INFORMATION GIVEN
(* Let $\mu$ be a valuated matroid on $[n]$. (i) Let $f=(f_1,f_2):[n]\cup\{o\}\to([n]\cup\{o\})\times\mathbb{T}$ be a map with $f_1(i)=i$ for all $i$, and assume that for every $i\in[n]$ there is $k\in K$ with $f_2(i)=\mathrm{val}(k)$. Then for the associated weakly monomial matrix $A_f$, $\overline{\operatorname{trop}}(f^{-1}(\mu))=\mathrm{val}(A_f)\odot\overline{\operatorname{trop}}(\mu)$. (ii) Conversely, if $A_f\in K^{n\times n}$ is a full-rank diagonal matrix, its associated map $f$ satisfies $\overline{\operatorname{trop}}(f^{-1}(\mu))=\mathrm{val}(A_f)\odot\overline{\operatorname{trop}}(\mu)$.
   Context: $K$ is a field with non-Archimedean valuation $\mathrm{val}:K\to\mathbb{T}=\mathbb{R}\cup\{\infty\}$; $(\mathrm{val}(M)\odot v)_i=\min_j(\mathrm{val}(M_{ij})+v_j)$, applied pointwise to sets. Valuated matroid of rank $r$ on finite $E$: $\nu:\binom{E}{r}\to\mathbb{T}$, not identically $\infty$, with exchange property (for all $I,J$, $i\in I\setminus J$ there is $j\in J\setminus I$ with $\nu(I)+\nu(J)\ge\nu((I\setminus i)\cup j)+\nu((J\setminus j)\cup i)$), up to additive constants; $\overline{\operatorname{trop}}(\nu)\subseteq\mathbb{P}(\mathbb{T}^E)$ is the set of $x$ with $\min_e(C_\nu(I)_e+x_e)$ attained at least twice for all $I\in\binom{E}{r+1}$ with $C_\nu(I)\ne(\infty,\dots)$, where $C_\nu(I)_e=\nu(I\setminus e)$ for $e\in I$, $\infty$ else. Pointed matroid $\mu_o$: $\mu$ extended to $[n]\cup\{o\}$ with $o$ a loop. With $S=f_1([n]\cup\{o\})$, $f^{-1}(\mu)(B)=\mu_o|_S(f_1(B))+\sum_{i\in B}f_2(i)$ where $\mu_o|_S$ is the restriction of $\mu_o$ to $S$ and $|B|$ equals its rank; $\overline{\operatorname{trop}}(f^{-1}(\mu))$ denotes the projection to the coordinates in $[n]$ of its tropical linear space. Associated matrix of $f$: $(A_f)_{ij}=k_i$ if $f_1(i)=j\in[n]$ with $\mathrm{val}(k_i)=f_2(i)$, and $0$ otherwise. Associated map of a weakly monomial matrix $M$ (at most one nonzero entry per row): $f(o)=(o,\infty)$; $f(i)=(o,\infty)$ if row $i$ is zero; $f(i)=(j,\mathrm{val}(M_{ij}))$ if $M_{ij}\ne0$. *)

From HB Require Import structures.
From mathcomp Require Import all_boot all_order all_algebra.
From mathcomp Require Import reals.
Set Implicit Arguments. Unset Strict Implicit. Unset Printing Implicit Defensive.
Import Order.TTheory GRing.Theory Num.Theory.
Local Open Scope ring_scope.

(* ---------- The tropical numbers T = R u {oo}: None encodes oo ---------- *)
Section Trop.
Variable R : realType.

Definition tadd (a b : option R) : option R :=
  match a, b with Some x, Some y => Some (x + y) | _, _ => None end.

Definition tle (a b : option R) : bool :=
  match a, b with
  | _, None => true
  | None, Some _ => false
  | Some x, Some y => x <= y
  end.

Definition tmin (a b : option R) : option R := if tle a b then a else b.

Definition is_valuation (K : fieldType) (val : K -> option R) : Prop :=
  [/\ forall x, val x = None <-> x = 0,
      forall x y, val (x * y) = tadd (val x) (val y) &
      forall x y, tle (tmin (val x) (val y)) (val (x + y))].

Definition min_twice (E : finType) (g : E -> option R) : Prop :=
  exists e1 e2, [/\ e1 != e2, g e1 = g e2 & forall e, tle (g e1) (g e)].

Definition valuated_matroid (E : finType) (r : nat) (nu : {set E} -> option R)
  : Prop :=
  (exists B : {set E}, #|B| = r /\ nu B <> None) /\
  forall I J : {set E}, #|I| = r -> #|J| = r -> forall i, i \in I :\: J ->
    exists2 j, j \in J :\: I &
      tle (tadd (nu ((I :\ i) :|: [set j])) (nu ((J :\ j) :|: [set i])))
          (tadd (nu I) (nu J)).

Definition circ (E : finType) (nu : {set E} -> option R) (I : {set E}) (e : E)
  : option R := if e \in I then nu (I :\ e) else None.

(* tropical linear space, as the cone of representatives in T^E minus the
   all-oo vector; its image in P(T^E) is \overline{trop}(nu) *)
Definition trop_space (E : finType) (r : nat) (nu : {set E} -> option R)
  (x : E -> option R) : Prop :=
  (exists e, x e <> None) /\
  forall I : {set E}, #|I| = r.+1 -> (exists e, circ nu I e <> None) ->
    min_twice (fun e => tadd (circ nu I e) (x e)).

Definition tshift (E : Type) (c : R) (x : E -> option R) : E -> option R :=
  fun e => tadd (Some c) (x e).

THE TASK
Output only the lines from the one that contains "Import Order.TTheory GRing.Theory Num.Theory." through the last line of the data above, each restated exactly.

EXERCISE RESPONSE
Import Order.TTheory GRing.Theory Num.Theory.
Local Open Scope ring_scope.

(* ---------- The tropical numbers T = R u {oo}: None encodes oo ---------- *)
Section Trop.
Variable R : realType.

Definition tadd (a b : option R) : option R :=
  match a, b with Some x, Some y => Some (x + y) | _, _ => None end.

Definition tle (a b : option R) : bool :=
  match a, b with
  | _, None => true
  | None, Some _ => false
  | Some x, Some y => x <= y
  end.

Definition tmin (a b : option R) : option R := if tle a b then a else b.

Definition is_valuation (K : fieldType) (val : K -> option R) : Prop :=
  [/\ forall x, val x = None <-> x = 0,
      forall x y, val (x * y) = tadd (val x) (val y) &
      forall x y, tle (tmin (val x) (val y)) (val (x + y))].

Definition min_twice (E : finType) (g : E -> option R) : Prop :=
  exists e1 e2, [/\ e1 != e2, g e1 = g e2 & forall e, tle (g e1) (g e)].

Definition valuated_matroid (E : finType) (r : nat) (nu : {set E} -> option R)
  : Prop :=
  (exists B : {set E}, #|B| = r /\ nu B <> None) /\
  forall I J : {set E}, #|I| = r -> #|J| = r -> forall i, i \in I :\: J ->
    exists2 j, j \in J :\: I &
      tle (tadd (nu ((I :\ i) :|: [set j])) (nu ((J :\ j) :|: [set i])))
          (tadd (nu I) (nu J)).

Definition circ (E : finType) (nu : {set E} -> option R) (I : {set E}) (e : E)
  : option R := if e \in I then nu (I :\ e) else None.

(* tropical linear space, as the cone of representatives in T^E minus the
   all-oo vector; its image in P(T^E) is \overline{trop}(nu) *)
Definition trop_space (E : finType) (r : nat) (nu : {set E} -> option R)
  (x : E -> option R) : Prop :=
  (exists e, x e <> None) /\
  forall I : {set E}, #|I| = r.+1 -> (exists e, circ nu I e <> None) ->
    min_twice (fun e => tadd (circ nu I e) (x e)).

Definition tshift (E : Type) (c : R) (x : E -> option R) : E -> option R :=
  fun e => tadd (Some c) (x e).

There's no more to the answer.